- [Task to complete]: Your output should be the lines from the start of the data through the line containing "minkG C q *m ctrmx M *m minkG C p.", exactly and nothing more.

[Stored items]

(* Let $A\in\mathbb{C}^{m\times n}$ be such that $\mathrm{rank}(AA^{\sim})=\mathrm{rank}(A^{\sim}A)=\mathrm{rank}(A)$. Then for arbitrary nonnegative integers $k$ and $l$, $$A^{\mathfrak{m}}=(A^{\sim}A)^kA^{\sim}\left[(A^{\sim}A)^{k+l+1}A^{\sim}\right]^{(1)}(A^{\sim}A)^lA^{\sim},$$ where $\left[(A^{\sim}A)^{k+l+1}A^{\sim}\right]^{(1)}$ is any $\{1\}$-inverse of $(A^{\sim}A)^{k+l+1}A^{\sim}$.
   Context: For a positive integer $k$, the Minkowski metric matrix of order $k$ is $G_k=\mathrm{diag}(1,-I_{k-1})$ (with $G_1=(1)$). For $M\in\mathbb{C}^{p\times q}$, the Minkowski adjoint is $M^{\sim}=G_qM^*G_p$, where $M^*$ is the conjugate transpose. The Minkowski inverse of $A\in\mathbb{C}^{m\times n}$, denoted $A^{\mathfrak{m}}$, is the (unique) matrix $X\in\mathbb{C}^{n\times m}$ with $AXA=A$, $XAX=X$, $(AX)^{\sim}=AX$, $(XA)^{\sim}=XA$; it exists under the stated rank hypothesis. A $\{1\}$-inverse of $M$ is any $M^{(1)}$ with $MM^{(1)}M=M$; $(A^{\sim}A)^0=I_n$. *)

From HB Require Import structures.
From mathcomp Require Import all_boot all_order all_algebra.
Set Implicit Arguments. Unset Strict Implicit. Unset Printing Implicit Defensive.
Import Order.TTheory GRing.Theory Num.Theory.
Local Open Scope ring_scope.

(* Complex scalars: any numeric closed field C (e.g. the complex numbers),
   with conjugation z^* . *)

Definition minkG (C : numClosedFieldType) (k : nat) : 'M[C]_k :=
  \matrix_(i, j) (if i == j then (if nat_of_ord i == 0%N then 1 else -1) else 0).

Definition ctrmx (C : numClosedFieldType) (p q : nat) (M : 'M[C]_(p, q)) : 'M[C]_(q, p) :=
  map_mx Num.conj M^T.

Definition madj (C : numClosedFieldType) (p q : nat) (M : 'M[C]_(p, q)) : 'M[C]_(q, p) :=
  minkG C q *m ctrmx M *m minkG C p.

Definition is_minkowski_inverse (C : numClosedFieldType) (m n : nat)
  (A : 'M[C]_(m, n)) (X : 'M[C]_(n, m)) : Prop :=
  [/\ A *m X *m A = A, X *m A *m X = X,
      madj (A *m X) = A *m X & madj (X *m A) = X *m A].

Definition is_inverse1 (C : numClosedFieldType) (p q : nat)
  (M : 'M[C]_(p, q)) (Y : 'M[C]_(q, p)) : Prop := M *m Y *m M = M.

From HB Require Import structures.
From mathcomp Require Import all_boot all_order all_algebra.
Import Order.TTheory GRing.Theory Num.Theory.
Local Open Scope ring_scope.
Set Implicit Arguments.
Unset Strict Implicit.

(* Write S for the Minkowski adjoint of A.  The rank hypotheses say that the
   row space of A is that of S A and its column space that of A S; through
   the adjoint this yields S = S A S Z = Z' S A S, so every (S A)^i S can be
   recovered from (S A)^(i+j) S on either side.  Hence, with U = (S A)^k S and
   V = (S A)^l S, the matrix E = U Y V built from a {1}-inverse Y of
   V A U = (S A)^(k+l+1) S is an outer inverse of A with E A S = S = S A E.
   Those two identities make E A and A E fixed by the adjoint, and the
   Penrose-type equations then pin E down uniquely. *)

Section MatrixPowers.

Variable R : pzSemiRingType.

Lemma mulmx_expr_comm p q (X : 'M[R]_(p, q)) (Y : 'M[R]_(q, p)) j :
  (X *m Y) ^+ j *m X = X *m (Y *m X) ^+ j.
Proof.
elim: j => [|j IHj]; first by rewrite !expr0 mul1mx mulmx1.
by rewrite !exprSr -!mulmxE -mulmxA -(mulmxA X Y X) mulmxA IHj -mulmxA.
Qed.

Variables (m n : nat) (S : 'M[R]_(n, m)) (A : 'M[R]_(m, n)).

Lemma expr_mulmx_absorbr (Z : 'M[R]_m) i j :
  S = S *m A *m S *m Z ->
  (S *m A) ^+ i *m S = (S *m A) ^+ (i + j) *m S *m Z ^+ j.
Proof.
move=> hS; elim: j => [|j IHj]; first by rewrite addn0 expr0 mulmx1.
by rewrite IHj addnS exprSr exprS -!mulmxE {2}hS !mulmxA.
Qed.

Lemma expr_mulmx_absorbl (Z : 'M[R]_n) i j :
  S = Z *m S *m A *m S ->
  (S *m A) ^+ i *m S = Z ^+ j *m (S *m A) ^+ (i + j) *m S.
Proof.
move=> hS; elim: j => [|j IHj]; first by rewrite addn0 expr0 mul1mx.
rewrite IHj addnS exprSr exprS -!mulmxE -!mulmxA !mulmx_expr_comm.
by rewrite {1}hS !mulmxA.
Qed.

End MatrixPowers.

Lemma outer_inverse_mulmx (R : pzSemiRingType) m n p q (M : 'M[R]_(m, n))
    (U : 'M[R]_(n, p)) (V : 'M[R]_(q, m)) (Y : 'M[R]_(p, q)) L K :
  U = L *m (V *m M *m U) -> V = V *m M *m U *m K ->
  V *m M *m U *m Y *m (V *m M *m U) = V *m M *m U ->
  let E := U *m Y *m V in
  [/\ E *m M *m E = E, E *m M *m U = U & V *m M *m E = V].
Proof.
move=> hU hV hY E.
have EMU : E *m M *m U = U.
  transitivity (L *m (V *m M *m U *m Y *m (V *m M *m U))).
    by rewrite /E {1}hU !mulmxA.
  by rewrite hY -hU.
have VME : V *m M *m E = V.
  transitivity (V *m M *m U *m Y *m (V *m M *m U) *m K).
    by rewrite /E {2}hV !mulmxA.
  by rewrite hY -hV.
split=> //; transitivity (U *m Y *m (V *m M *m E)); last by rewrite VME.
by rewrite /E !mulmxA.
Qed.

Lemma power_outer_inverse (R : pzSemiRingType) m n (A : 'M[R]_(m, n))
    (S : 'M[R]_(n, m)) Z Z' k l (Y : 'M[R]_(m, n)) :
  S = S *m A *m S *m Z -> S = Z' *m S *m A *m S ->
  (S *m A) ^+ (k + l + 1) *m S *m Y *m ((S *m A) ^+ (k + l + 1) *m S) =
    (S *m A) ^+ (k + l + 1) *m S ->
  let E := (S *m A) ^+ k *m S *m Y *m (S *m A) ^+ l *m S in
  [/\ E *m A *m E = E, E *m A *m S = S & S *m A *m E = S].
Proof.
move=> hSr hSl hY E.
have VAU : (S *m A) ^+ l *m S *m A *m ((S *m A) ^+ k *m S) =
           (S *m A) ^+ (k + l + 1) *m S.
  have -> : (k + l + 1 = l.+1 + k)%N by rewrite addn1 addSn addnC.
  by rewrite exprD exprSr -!mulmxE !mulmxA.
have hU : (S *m A) ^+ k *m S =
          Z' ^+ (l + 1) *m ((S *m A) ^+ l *m S *m A *m ((S *m A) ^+ k *m S)).
  by rewrite VAU -addnA (expr_mulmx_absorbl k (l + 1) hSl) !mulmxA.
have hV : (S *m A) ^+ l *m S =
          (S *m A) ^+ l *m S *m A *m ((S *m A) ^+ k *m S) *m Z ^+ (k + 1).
  by rewrite VAU addnAC addnC (expr_mulmx_absorbr l (k + 1) hSr).
rewrite -VAU in hY.
have [EAE EAU VAE] := outer_inverse_mulmx hU hV hY.
have hSU : S = (S *m A) ^+ k *m S *m Z ^+ k.
  by have := expr_mulmx_absorbr 0 k hSr; rewrite expr0 mul1mx add0n.
have hSV : S = Z' ^+ l *m ((S *m A) ^+ l *m S).
  by have := expr_mulmx_absorbl 0 l hSl; rewrite expr0 mul1mx add0n mulmxA.
have defE : (S *m A) ^+ k *m S *m Y *m ((S *m A) ^+ l *m S) = E.
  by rewrite /E !mulmxA.
clearbody E.
rewrite defE !mulmxA in EAE EAU VAE.
split=> //; first by rewrite {1}hSU !mulmxA EAU -hSU.
by rewrite {1}hSV -!(mulmxA (Z' ^+ l)) VAE -hSV.
Qed.

Lemma rank_mulmx_eq_factorl (F : fieldType) m n p
    (B : 'M[F]_(p, m)) (A : 'M[F]_(m, n)) :
  \rank (B *m A) = \rank A -> exists W, A = W *m (B *m A).
Proof.
move=> hrk; apply/submxP.
by move: (mxrank_leqif_eq (submxMl B A)).2; rewrite hrk eqxx => /esym/andP[].
Qed.

Lemma rank_mulmx_eq_factorr (F : fieldType) m n p
    (A : 'M[F]_(m, n)) (B : 'M[F]_(n, p)) :
  \rank (A *m B) = \rank A -> exists D, A = A *m B *m D.
Proof.
rewrite -mxrank_tr -[\rank A]mxrank_tr trmx_mul => /rank_mulmx_eq_factorl[W hW].
by exists W^T; rewrite -[A]trmxK {1}hW trmx_mul trmx_mul !trmxK.
Qed.

Section MinkowskiAdjoint.

Variable C : numClosedFieldType.

Lemma mulmx_minkG (k : nat) : minkG C k *m minkG C k = 1%:M.
Proof.
apply/matrixP => i j; rewrite !mxE (bigD1 i) //= big1 ?addr0.
  rewrite !mxE eqxx; have [->|_] := eqVneq i j; rewrite ?eqxx.
    by case: (_ == _); rewrite ?mulrNN mulr1.
  by rewrite mulr0.
by move=> i' /negbTE hi'; rewrite !mxE eq_sym hi' mul0r.
Qed.

Lemma ctrmxM p q r (M : 'M[C]_(p, q)) (N : 'M[C]_(q, r)) :
  ctrmx (M *m N) = ctrmx N *m ctrmx M.
Proof. by rewrite /ctrmx trmx_mul map_mxM. Qed.

Lemma ctrmxK p q (M : 'M[C]_(p, q)) : ctrmx (ctrmx M) = M.
Proof. by apply/matrixP => i j; rewrite !mxE conjCK. Qed.

Lemma ctrmx_minkG k : ctrmx (minkG C k) = minkG C k.
Proof.
apply/matrixP => i j; rewrite !mxE.
have [->|_] := eqVneq i j; last by rewrite rmorph0.
by case: (_ == _); rewrite ?rmorph1 ?rmorphN1.
Qed.

Lemma madjM p q r (M : 'M[C]_(p, q)) (N : 'M[C]_(q, r)) :
  madj (M *m N) = madj N *m madj M.
Proof.
rewrite /madj ctrmxM !mulmxA -[_ *m minkG C q *m minkG C q]mulmxA.
by rewrite mulmx_minkG mulmx1.
Qed.

Lemma madjK p q : cancel (@madj C p q) (@madj C q p).
Proof.
move=> M; rewrite /madj !ctrmxM ctrmxK !ctrmx_minkG !mulmxA mulmx_minkG mul1mx.
by rewrite -mulmxA mulmx_minkG mulmx1.
Qed.

Lemma madj_fixr p (Q : 'M[C]_p) : Q *m madj Q = madj Q -> madj Q = Q.
Proof. by move=> hQ; rewrite -[RHS]madjK -{2}hQ madjM madjK hQ. Qed.

Lemma madj_fixl p (Q : 'M[C]_p) : madj Q *m Q = madj Q -> madj Q = Q.
Proof. by move=> hQ; rewrite -[RHS]madjK -{2}hQ madjM madjK hQ. Qed.

Lemma minkowski_inverse_of_outer m n (A : 'M[C]_(m, n)) E :
  E *m A *m E = E -> E *m A *m madj A = madj A -> madj A *m A *m E = madj A ->
  is_minkowski_inverse A E.
Proof.
move=> EAE EAS SAE.
have sEA : madj (E *m A) = E *m A.
  by apply: madj_fixr; rewrite madjM mulmxA EAS.
have sAE : madj (A *m E) = A *m E.
  by apply: madj_fixl; rewrite madjM -mulmxA (mulmxA (madj A)) SAE.
have AEA : A *m E *m A = A.
  by apply: (can_inj (@madjK _ _)); rewrite madjM sAE mulmxA SAE.
by split.
Qed.

Lemma minkowski_inverse_unique m n (A : 'M[C]_(m, n)) X E :
  is_minkowski_inverse A X -> is_minkowski_inverse A E -> X = E.
Proof.
case=> AXA XAX sAX sXA [AEA EAE sAE sEA].
have AX_AE : A *m X = A *m E.
  by rewrite -sAX -{1}AEA -mulmxA madjM sAX sAE mulmxA AXA.
have XA_EA : X *m A = E *m A.
  rewrite -sXA -{1}AEA !mulmxA -(mulmxA (X *m A)) madjM sEA sXA.
  by rewrite mulmxA -!(mulmxA E) AXA.
by rewrite -XAX -mulmxA AX_AE mulmxA XA_EA EAE.
Qed.

End MinkowskiAdjoint.

Theorem theorem8p1 (C : numClosedFieldType) (m n : nat) (A : 'M[C]_(m, n))
  (hm : (0 < m)%N) (hn : (0 < n)%N)
  (hrk1 : \rank (A *m madj A) = \rank A)
  (hrk2 : \rank (madj A *m A) = \rank A)
  (k l : nat) (Y : 'M[C]_(m, n))
  (hY : is_inverse1 (((madj A *m A) ^+ (k + l + 1)) *m madj A) Y) :
  let E := (madj A *m A) ^+ k *m madj A *m Y *m (madj A *m A) ^+ l *m madj A in
  is_minkowski_inverse A E /\ (forall X, is_minkowski_inverse A X -> X = E).
Proof.
move=> E.
have [W hW] := rank_mulmx_eq_factorl hrk2.
have [D hD] := rank_mulmx_eq_factorr hrk1.
have hSA : madj A = madj A *m A *m madj W by rewrite {1}hW madjM madjM madjK.
have hAS : madj A = madj D *m A *m madj A.
  by rewrite {1}hD madjM madjM madjK mulmxA.
have hSr : madj A = madj A *m A *m madj A *m (D *m madj W).
  by rewrite {1}hSA {2}hD !mulmxA.
have hSl : madj A = madj D *m W *m madj A *m A *m madj A.
  by rewrite {1}hAS {1}hW !mulmxA.
have [EAE EAS SAE] := power_outer_inverse hSr hSl hY.
have hE : is_minkowski_inverse A E := minkowski_inverse_of_outer EAE EAS SAE.
by split=> // X hX; apply: minkowski_inverse_unique hX hE.
Qed.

- [Answer to the exercise]:
(* Let $A\in\mathbb{C}^{m\times n}$ be such that $\mathrm{rank}(AA^{\sim})=\mathrm{rank}(A^{\sim}A)=\mathrm{rank}(A)$. Then for arbitrary nonnegative integers $k$ and $l$, $$A^{\mathfrak{m}}=(A^{\sim}A)^kA^{\sim}\left[(A^{\sim}A)^{k+l+1}A^{\sim}\right]^{(1)}(A^{\sim}A)^lA^{\sim},$$ where $\left[(A^{\sim}A)^{k+l+1}A^{\sim}\right]^{(1)}$ is any $\{1\}$-inverse of $(A^{\sim}A)^{k+l+1}A^{\sim}$.
   Context: For a positive integer $k$, the Minkowski metric matrix of order $k$ is $G_k=\mathrm{diag}(1,-I_{k-1})$ (with $G_1=(1)$). For $M\in\mathbb{C}^{p\times q}$, the Minkowski adjoint is $M^{\sim}=G_qM^*G_p$, where $M^*$ is the conjugate transpose. The Minkowski inverse of $A\in\mathbb{C}^{m\times n}$, denoted $A^{\mathfrak{m}}$, is the (unique) matrix $X\in\mathbb{C}^{n\times m}$ with $AXA=A$, $XAX=X$, $(AX)^{\sim}=AX$, $(XA)^{\sim}=XA$; it exists under the stated rank hypothesis. A $\{1\}$-inverse of $M$ is any $M^{(1)}$ with $MM^{(1)}M=M$; $(A^{\sim}A)^0=I_n$. *)

From HB Require Import structures.
From mathcomp Require Import all_boot all_order all_algebra.
Set Implicit Arguments. Unset Strict Implicit. Unset Printing Implicit Defensive.
Import Order.TTheory GRing.Theory Num.Theory.
Local Open Scope ring_scope.

(* Complex scalars: any numeric closed field C (e.g. the complex numbers),
   with conjugation z^* . *)

Definition minkG (C : numClosedFieldType) (k : nat) : 'M[C]_k :=
  \matrix_(i, j) (if i == j then (if nat_of_ord i == 0%N then 1 else -1) else 0).

Definition ctrmx (C : numClosedFieldType) (p q : nat) (M : 'M[C]_(p, q)) : 'M[C]_(q, p) :=
  map_mx Num.conj M^T.

Definition madj (C : numClosedFieldType) (p q : nat) (M : 'M[C]_(p, q)) : 'M[C]_(q, p) :=
  minkG C q *m ctrmx M *m minkG C p.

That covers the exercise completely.